I wish there were festive holiday songs for Oscar junkies. "It's Beginning to Look a Lot Like Steamroll", "All I Want for Oscars is You", "Let it Snub, Let it Snub, Let it Snub", "God Rest Ye Merry Shortlisters", "Do You Vote How I Vote" etcetera.... The mood is definitely upon us!
This weekend while LA, NY online, and Boston were handing out their prizes and BFCA voters were mailing in their ballots a certain movie that few had yet seen was screening for Oscar voters and it's likely to be a big deal (though whether it will make the BFCA due to the voting deadline today, remains to be seen). Let's just say that I heard sniffling and whispered "wows" during the credits at the guild screening here in NYC.
The AFI's TOP TEN LIST was also released this weekend.

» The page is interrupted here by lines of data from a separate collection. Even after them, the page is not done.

(* Let $S$ be the graph obtained from nine pairwise vertex-disjoint copies of $J_3$ by identifying the copies of vertex $a$ into a single vertex $a$ and the copies of vertex $b$ into a single vertex $b$ (so the copies of the edge $ab$ become a single edge $ab$), all other vertices staying distinct. Let $H$ be a subgraph of $S$ with maximum degree at most three that contains no edge incident with $a$. Then $S-E(H)$ contains $K_4$ or a member of $\mathcal{J}$ as a subgraph.
   Context: $J_3$ is the graph with vertex set $\{a,b,c,d,e,f,g,h,i,j,k\}$ and edges $ab$; $ac,ad,ae,af,ag$; $bc,bd,be,bf,bg$; $cd,de,ef,fg$; $ha,hd,he$; $ia,ie,if$; $jb,jd,je$; $kb,ke,kf$. $J_1$ is the graph on $\{a,b,c,d,e\}$ with edges $\{ab,ac,bc,ae,be,cd,de,ad\}$, and $J_2$ is the graph on the same vertices with edges $\{ab,ac,bc,ae,be,cd,de,bd\}$. $\mathcal{J}$ is the class of graphs obtained by taking six pairwise vertex-disjoint graphs, each isomorphic to $J_1$ or $J_2$, and identifying all copies of $a$ into one vertex and all copies of $b$ into one vertex (other vertices distinct). *)

From mathcomp Require Import all_boot.
Set Implicit Arguments. Unset Strict Implicit. Unset Printing Implicit Defensive.

(* Small graphs with two distinguished vertices a, b are given on the vertex
   type [bool + 'I_n]:  inl true = a,  inl false = b,  inr v = other vertices. *)
Definition va {n : nat} : bool + 'I_n := inl true.
Definition vb {n : nat} : bool + 'I_n := inl false.
Definition vo {n : nat} (k : nat) : bool + 'I_n.+1 := inr (inord k).

Definition edges_of {T : eqType} (L : seq (T * T)) : rel T :=
  fun x y => ((x, y) \in L) || ((y, x) \in L).

(* J_3 on {a,b,c,d,e,f,g,h,i,j,k}; c..k are vo 0 .. vo 8 *)
Definition J3_edge : rel (bool + 'I_9) :=
  let a := va in let b := vb in
  let c := vo 0 in let d := vo 1 in let e := vo 2 in let f := vo 3 in
  let g := vo 4 in let h := vo 5 in let i := vo 6 in let j := vo 7 in
  let k := vo 8 in
  edges_of [:: (a, b);
               (a, c); (a, d); (a, e); (a, f); (a, g);
               (b, c); (b, d); (b, e); (b, f); (b, g);
               (c, d); (d, e); (e, f); (f, g);
               (h, a); (h, d); (h, e);
               (i, a); (i, e); (i, f);
               (j, b); (j, d); (j, e);
               (k, b); (k, e); (k, f)].

(* J_1 and J_2 on {a,b,c,d,e}; c,d,e are vo 0, vo 1, vo 2 *)
Definition J1_edge : rel (bool + 'I_3) :=
  let a := va in let b := vb in let c := vo 0 in let d := vo 1 in
  let e := vo 2 in
  edges_of [:: (a, b); (a, c); (b, c); (a, e); (b, e); (c, d); (d, e); (a, d)].

Definition J2_edge : rel (bool + 'I_3) :=
  let a := va in let b := vb in let c := vo 0 in let d := vo 1 in
  let e := vo 2 in
  edges_of [:: (a, b); (a, c); (b, c); (a, e); (b, e); (c, d); (d, e); (b, d)].

Definition glue_map {m n : nat} (i : 'I_m) (u : bool + 'I_n) : bool + 'I_m * 'I_n :=
  match u with inl x => inl x | inr v => inr (i, v) end.

Definition glue_edge {m n : nat} (E : 'I_m -> rel (bool + 'I_n)) :
  rel (bool + 'I_m * 'I_n) :=
  fun x y => [exists i, exists u, exists v,
                [&& E i u v, glue_map i u == x & glue_map i v == y]].

Definition SV := (bool + 'I_9 * 'I_9)%type.
Definition S_edge : rel SV := glue_edge (fun _ : 'I_9 => J3_edge).
Definition S_a : SV := inl true.

Definition J_edge (sel : 'I_6 -> bool) : rel (bool + 'I_6 * 'I_3) :=
  glue_edge (fun t => if sel t then J1_edge else J2_edge).

Definition contains_subgraph {U V : finType} (F : rel U) (G : rel V) : Prop :=
  exists f : U -> V, injective f /\ forall x y, F x y -> G (f x) (f y).

Definition K4_edge : rel 'I_4 := fun x y => x != y.

Definition contains_K4_or_J {V : finType} (G : rel V) : Prop :=
  contains_subgraph K4_edge G \/
  exists sel : 'I_6 -> bool, contains_subgraph (J_edge sel) G.

From mathcomp Require Import all_boot zmodp zify.
From Stdlib Require Import Classical.

Set Implicit Arguments. Unset Strict Implicit. Unset Printing Implicit Defensive.

(* Vertex b has at most three H-edges, so at least six of the nine copies of
   J_3 meet H only in edges avoiding both a and b.  In such a copy, if one of
   the path edges cd, de, ef, fg survives, its ends span a K_4 with a and b.
   Otherwise the whole path c d e f g lies in H, and the degree bound at d, e
   and f leaves a vertex among h, j (over de) or i, k (over ef) joined to both
   ends of its path edge in S - E(H); together with a and b this is a copy of
   J_1 or J_2 fixing a and b.  So either some copy contains K_4, or the six
   copies contain such J_1/J_2's, which glue along a and b to a member of J. *)

Definition edge_minus (T : Type) (E h : rel T) : rel T := fun x y => E x y && ~~ h x y.

Lemma edges_of_sym (T : eqType) (L : seq (T * T)) : symmetric (edges_of L).
Proof. by move=> x y; rewrite /edges_of orbC. Qed.

Lemma edges_of_hom (T U : eqType) (L : seq (T * T)) (G : rel U) (f : T -> U) :
  symmetric G -> all (fun e => G (f e.1) (f e.2)) L ->
  forall x y, edges_of L x y -> G (f x) (f y).
Proof. by move=> G_sym /allP G_L x y /orP[] /G_L //=; rewrite G_sym. Qed.

Lemma contains_subgraph_trans (T U V : finType) (F : rel T) (G : rel U) (H : rel V) :
  contains_subgraph F G -> contains_subgraph G H -> contains_subgraph F H.
Proof.
move=> [f [f_inj fFG]] [g [g_inj gGH]].
by exists (g \o f); split=> [|x y /fFG /gGH //]; apply: inj_comp.
Qed.

Lemma contains_subgraph_sub (U V : finType) (F : rel U) (G G' : rel V) :
  subrel G G' -> contains_subgraph F G -> contains_subgraph F G'.
Proof. by move=> GG' [f [f_inj fFG]]; exists f; split=> // x y /fFG /GG'. Qed.

Lemma K4_of_edges (V : finType) (G : rel V) (x1 x2 x3 x4 : V) :
  symmetric G -> uniq [:: x1; x2; x3; x4] ->
  G x1 x2 -> G x1 x3 -> G x1 x4 -> G x2 x3 -> G x2 x4 -> G x3 x4 ->
  contains_subgraph K4_edge G.
Proof.
move=> G_sym uniq_x e12 e13 e14 e23 e24 e34.
exists (tnth [tuple x1; x2; x3; x4]); split; first exact/tuple_uniqP.
move=> [[|[|[|[|//]]]] ?] [[|[|[|[|//]]]] ?] //= _; rewrite (tnth_nth x1) /=;
  by rewrite // G_sym.
Qed.

Lemma no_four_neighbours (T : finType) (h : rel T) x y1 y2 y3 y4 :
  #|[set y | h x y]| <= 3 -> uniq [:: y1; y2; y3; y4] ->
  h x y1 -> h x y2 -> ~~ (h x y3 && h x y4).
Proof.
move=> deg_x uniq_y h1 h2; apply/negP=> /andP[h3 h4].
have: #|[:: y1; y2; y3; y4]| <= #|[set y | h x y]|.
  by apply/subset_leq_card/subsetP=> y; rewrite !inE => /or4P[]/eqP->.
by rewrite (card_uniqP uniq_y) => /leq_trans/(_ deg_x).
Qed.

Lemma injective_into (T : finType) (A : {set T}) k :
  k <= #|A| -> exists g : 'I_k -> T, injective g /\ forall t, g t \in A.
Proof.
move=> le_kA; exists (fun t => enum_val (widen_ord le_kA t)); split.
  by move=> s t /enum_val_inj [] /val_inj.
by move=> t; apply: enum_valP.
Qed.

Definition lift_root (A B : Type) (psi : A -> B) (u : bool + A) : bool + B :=
  match u with inl x => inl x | inr v => inr (psi v) end.

Definition rooted_embedding (A B : Type) (F : rel (bool + A)) (G : rel (bool + B))
    (psi : A -> B) :=
  injective psi /\ forall x y, F x y -> G (lift_root psi x) (lift_root psi y).

Definition J_of (s : bool) := if s then J1_edge else J2_edge.

Lemma rooted_J_of_edges n (G : rel (bool + 'I_n)) (s : bool) (x y z : 'I_n) :
  symmetric G -> uniq [:: x; y; z] ->
  G va vb -> G va (inr x) -> G vb (inr x) -> G va (inr z) -> G vb (inr z) ->
  G (inr x) (inr y) -> G (inr y) (inr z) -> G (if s then va else vb) (inr y) ->
  rooted_embedding (J_of s) G (tnth [tuple x; y; z]).
Proof.
move=> G_sym uniq_xyz eab eax ebx eaz ebz exy eyz ery.
split; first exact/tuple_uniqP.
have psiE k : k < 3 -> tnth [tuple x; y; z] (inord k) = nth x [:: x; y; z] k.
  by move=> lt_k3; rewrite (tnth_nth x) /= inordK.
case: s ery => ery; apply: edges_of_hom => //=;
  by rewrite !psiE //= eab eax ebx eaz ebz exy eyz ery.
Qed.

Section Gluing.
Variables m n : nat.
Implicit Types (E : 'I_m -> rel (bool + 'I_n)) (h : rel (bool + 'I_m * 'I_n)).

Lemma glue_map_inj (i : 'I_m) : injective (@glue_map m n i).
Proof. by move=> [x|x] [y|y] //= [] ->. Qed.

Lemma glue_edge_map E i u v : E i u v -> glue_edge E (glue_map i u) (glue_map i v).
Proof.
move=> Euv; apply/existsP; exists i; apply/existsP; exists u; apply/existsP; exists v.
by rewrite Euv !eqxx.
Qed.

Lemma glue_copy_subgraph E i : contains_subgraph (E i) (glue_edge E).
Proof. by exists (glue_map i); split; [apply: glue_map_inj | apply: glue_edge_map]. Qed.

Lemma glue_rooted_subgraph m' n' (F : 'I_m' -> rel (bool + 'I_n')) E
    (g : 'I_m' -> 'I_m) (psi : 'I_m' -> 'I_n' -> 'I_n) :
  injective g -> (forall t, rooted_embedding (F t) (E (g t)) (psi t)) ->
  contains_subgraph (glue_edge F) (glue_edge E).
Proof.
move=> g_inj psi_emb.
pose Phi := lift_root (fun tv : 'I_m' * 'I_n' => (g tv.1, psi tv.1 tv.2)).
have PhiE t u : Phi (glue_map t u) = glue_map (g t) (lift_root (psi t) u) by case: u.
exists Phi; split.
  move=> [x|[t v]] [y|[t' v']] //=; first by case=> ->.
  by case=> /g_inj <- /(proj1 (psi_emb t)) ->.
move=> x y /existsP[t /existsP[u /existsP[v /and3P[Fuv /eqP<- /eqP<-]]]].
by rewrite !PhiE; apply/glue_edge_map/(proj2 (psi_emb t)).
Qed.

Definition restrict_copy h (i : 'I_m) : rel (bool + 'I_n) :=
  fun u v => h (glue_map i u) (glue_map i v).

Lemma glue_edge_minus E h :
  subrel (glue_edge (fun i => edge_minus (E i) (restrict_copy h i)))
         (edge_minus (glue_edge E) h).
Proof.
move=> x y /existsP[i /existsP[u /existsP[v /and3P[/andP[Euv not_huv] /eqP<- /eqP<-]]]].
by rewrite /edge_minus glue_edge_map.
Qed.

Lemma card_restrict_copy h i u :
  #|[set v | restrict_copy h i u v]| <= #|[set y | h (glue_map i u) y]|.
Proof.
rewrite -(card_imset _ (@glue_map_inj i)); apply/subset_leq_card/subsetP => y.
by case/imsetP=> v; rewrite !inE => huv ->.
Qed.

Lemma card_adjacent_copies h x :
  #|[set i | [exists v, h x (inr (i, v))]]| <= #|[set y | h x y]|.
Proof.
pose P := [set p | h x (inr p)].
have -> : [set i | [exists v, h x (inr (i, v))]] = fst @: P.
  apply/setP=> i; rewrite inE; apply/existsP/imsetP => [[v hxv]|[[j v] hxv ->]].
    by exists (i, v); rewrite ?inE.
  by exists v; rewrite inE in hxv.
apply: leq_trans (leq_imset_card _ _) _.
rewrite -(card_imset _ (@inr_inj bool _)); apply/subset_leq_card/subsetP => y.
by case/imsetP=> p; rewrite !inE => hxp ->.
Qed.

End Gluing.

(* [inord] does not compute (its bound check goes through the opaque [idP]),
   [inZp] does: rewriting with this lemma lets concrete facts about [vo k]
   be decided by evaluation. *)
Lemma inord_inZp n k : k < n.+1 -> inord k = inZp k :> 'I_n.+1.
Proof. by move=> lt_kn; apply: val_inj; rewrite /= inordK ?modn_small. Qed.

Section J3_minus.

Local Notation V := (bool + 'I_9)%type.
Variable r : rel V.
Hypothesis r_sym : symmetric r.
Hypothesis r_a : forall y, ~~ r va y.
Hypothesis r_b : forall v, ~~ r vb (inr v).
Hypothesis r_deg : forall x, #|[set y | r x y]| <= 3.
Local Notation G := (edge_minus J3_edge r).

Lemma J3_minus_sym : symmetric G.
Proof. by move=> x y; rewrite /edge_minus r_sym; congr (_ && _); apply: edges_of_sym. Qed.

Lemma J3_minus_K4 p : ~~ r (vo p) (vo p.+1) -> p < 4 -> contains_subgraph K4_edge G.
Proof.
move=> r_p lt_p4; apply: (@K4_of_edges _ _ va vb (vo p) (vo p.+1)).
  exact: J3_minus_sym.
all: rewrite /edge_minus ?r_p ?r_a ?r_b ?andbT.
all: by case: p lt_p4 {r_p} => [|[|[|[|//]]]] _; rewrite /J3_edge /vo ?inord_inZp.
Qed.

(* The hub [vo w] is adjacent in J_3 to [vo p], [vo p.+1] and to a (s = true)
   or b (s = false). *)
Lemma J3_minus_J (s : bool) p w :
  (p, w, s) \in [:: (1, 5, true); (1, 7, false); (2, 6, true); (2, 8, false)] ->
  ~~ r (vo p) (vo w) -> ~~ r (vo p.+1) (vo w) ->
  exists psi, rooted_embedding (J_of s) G psi.
Proof.
move=> hub r_pw r_p1w; exists (tnth [tuple inord p; inord w; inord p.+1]).
have r_wp1 : ~~ r (vo w) (vo p.+1) by rewrite r_sym.
apply: rooted_J_of_edges; first exact: J3_minus_sym.
all: rewrite /edge_minus ?r_pw ?r_wp1 ?andbT.
all: move: hub; rewrite !inE => /or4P[] /eqP[? ? ?]; subst=> /=.
all: by rewrite ?r_a ?r_b ?andbT /J3_edge /vo ?inord_inZp.
Qed.

Lemma J3_minus_K4_or_J :
  contains_subgraph K4_edge G \/ exists s psi, rooted_embedding (J_of s) G psi.
Proof.
have [r_cd|/J3_minus_K4 K4] := boolP (r (vo 0) (vo 1)); last by left; apply: K4.
have [r_de|/J3_minus_K4 K4] := boolP (r (vo 1) (vo 2)); last by left; apply: K4.
have [r_ef|/J3_minus_K4 K4] := boolP (r (vo 2) (vo 3)); last by left; apply: K4.
have [r_fg|/J3_minus_K4 K4] := boolP (r (vo 3) (vo 4)); last by left; apply: K4.
right.
have at_most_one p y3 y4 : r (vo p) (vo p.-1) -> r (vo p) (vo p.+1) ->
    uniq ([:: vo p.-1; vo p.+1; vo y3; vo y4] : seq V) ->
    ~~ (r (vo p) (vo y3) && r (vo p) (vo y4)).
  by move=> r_prev r_next uniq_y; apply: no_four_neighbours (r_deg _) uniq_y r_prev r_next.
have [r_dc r_ed r_fe] : [/\ r (vo 1) (vo 0), r (vo 2) (vo 1) & r (vo 3) (vo 2)].
  by split; rewrite r_sym.
have d_hj : ~~ (r (vo 1) (vo 5) && r (vo 1) (vo 7)).
  by apply: at_most_one => //; rewrite /vo !inord_inZp.
have e_hi : ~~ (r (vo 2) (vo 5) && r (vo 2) (vo 6)).
  by apply: at_most_one => //; rewrite /vo !inord_inZp.
have e_hj : ~~ (r (vo 2) (vo 5) && r (vo 2) (vo 7)).
  by apply: at_most_one => //; rewrite /vo !inord_inZp.
have e_hk : ~~ (r (vo 2) (vo 5) && r (vo 2) (vo 8)).
  by apply: at_most_one => //; rewrite /vo !inord_inZp.
have e_ij : ~~ (r (vo 2) (vo 6) && r (vo 2) (vo 7)).
  by apply: at_most_one => //; rewrite /vo !inord_inZp.
have e_ik : ~~ (r (vo 2) (vo 6) && r (vo 2) (vo 8)).
  by apply: at_most_one => //; rewrite /vo !inord_inZp.
have e_jk : ~~ (r (vo 2) (vo 7) && r (vo 2) (vo 8)).
  by apply: at_most_one => //; rewrite /vo !inord_inZp.
have f_ik : ~~ (r (vo 3) (vo 6) && r (vo 3) (vo 8)).
  by apply: at_most_one => //; rewrite /vo !inord_inZp.
(* At most one of h, i, j, k is r-adjacent to e, d blocks at most one of h, j,
   and f at most one of i, k. *)
have : [|| ~~ r (vo 1) (vo 5) && ~~ r (vo 2) (vo 5),
           ~~ r (vo 1) (vo 7) && ~~ r (vo 2) (vo 7),
           ~~ r (vo 2) (vo 6) && ~~ r (vo 3) (vo 6)
         | ~~ r (vo 2) (vo 8) && ~~ r (vo 3) (vo 8)].
  move: d_hj e_hi e_hj e_hk e_ij e_ik e_jk f_ik.
  move: (r (vo 1) (vo 5)) (r (vo 1) (vo 7)) (r (vo 2) (vo 5)) (r (vo 2) (vo 6)).
  move: (r (vo 2) (vo 7)) (r (vo 2) (vo 8)) (r (vo 3) (vo 6)) (r (vo 3) (vo 8)).
  by do 8!case.
case/or4P=> /andP[r_pw r_p1w].
- by exists true; apply: (@J3_minus_J true 1 5).
- by exists false; apply: (@J3_minus_J false 1 7).
- by exists true; apply: (@J3_minus_J true 2 6).
- by exists false; apply: (@J3_minus_J false 2 8).
Qed.

End J3_minus.

Theorem corollary4 (h : rel SV) :
  (forall x y, h x y = h y x) ->
  (forall x y, h x y -> S_edge x y) ->
  (forall x : SV, #|[set y | h x y]| <= 3) ->
  (forall y : SV, ~~ h S_a y) ->
  contains_K4_or_J (fun x y => S_edge x y && ~~ h x y).
Proof.
move=> h_sym _ h_deg h_a.
pose B := [set i | [exists v, h (inl false) (inr (i, v))]].
have [g [g_inj g_free]] : exists g : 'I_6 -> 'I_9, injective g /\ forall t, g t \in ~: B.
  have card_B : #|B| <= 3 := leq_trans (card_adjacent_copies h _) (h_deg _).
  by apply: injective_into; have := cardsC B; rewrite card_ord; lia.
pose r t := restrict_copy h (g t).
have r_sym t : symmetric (r t) by move=> u v; apply: h_sym.
have r_a t y : ~~ r t va y by apply: h_a.
have r_b t v : ~~ r t vb (inr v).
  by move: (g_free t); rewrite !inE negb_exists => /forallP/(_ v).
have r_deg t u : #|[set v | r t u v]| <= 3.
  exact: leq_trans (card_restrict_copy _ _ _) (h_deg _).
have glue_sub := @glue_edge_minus 9 9 (fun=> J3_edge) h.
case: (classic (exists t, contains_subgraph K4_edge (edge_minus J3_edge (r t)))).
  case=> t K4_t; left; apply: contains_subgraph_sub glue_sub _.
  exact: contains_subgraph_trans K4_t (glue_copy_subgraph _ _).
move=> no_K4; right.
have J_t t : exists p : bool * ('I_3 -> 'I_9),
    rooted_embedding (J_of p.1) (edge_minus J3_edge (r t)) p.2.
  case: (J3_minus_K4_or_J (r_sym t) (r_a t) (r_b t) (r_deg t)) => [K4_t|[s [psi J_s]]].
    by case: no_K4; exists t.
  by exists (s, psi).
have [p p_emb] := fin_all_exists J_t.
exists (fun t => (p t).1); apply: contains_subgraph_sub glue_sub _.
exact: glue_rooted_subgraph g_inj p_emb.
Qed.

It went like so...
- Bridesmaids
- The Descendants
- The Girl With the Dragon Tattoo
- The Help
- Hugo
- J. Edgar
- Midnight in Paris
- Moneyball
- The Tree of Life
- War Horse
It reads like an odd experiment in Oscar predicting from two months back before people had seen all the films (plus Bridesmaids. The AFI always includes at least one populist hit to represent the film year).
But bringing us back to the now, it's time for a chart update to reflect all of this madness.
These past couple of weeks have definitely proven to us that The Tree of Life has not been forgotten, that The Help is in a good place (The actors branch is large and we suspect they like it) that Thanksgiving is a very smart holiday to start your heavy Oscar campaigning (See: Hugo, The Descendants, My Week With Marilyn and The Artist). We're not aloud to talk about the three last films to arrive (War Horse, Dragon Tattoo, Extremely Loud) but let's just say when it comes to Oscar, I'm bearish on the first two and bullish on the last having now seen all three. I'm also pleased to note that Moneyball is well liked. At an Oscar dinner I attended for Rango recently, it was the consensus favorite of my table.
Strangely the film that hasn't been coming up in conversation that much is Midnight in Paris but I blame this on the emergence of so many new films all at once. Moneyball doesn't always come up organically in conversation but when it does it's, in my experience, usually "oh, I love that." It's the job of the new films arriving to wow voters and erase memories of early favorites. It's the job of the early arrivals to remind voters how much they loved them in the first place; that's the push forward and the pull back.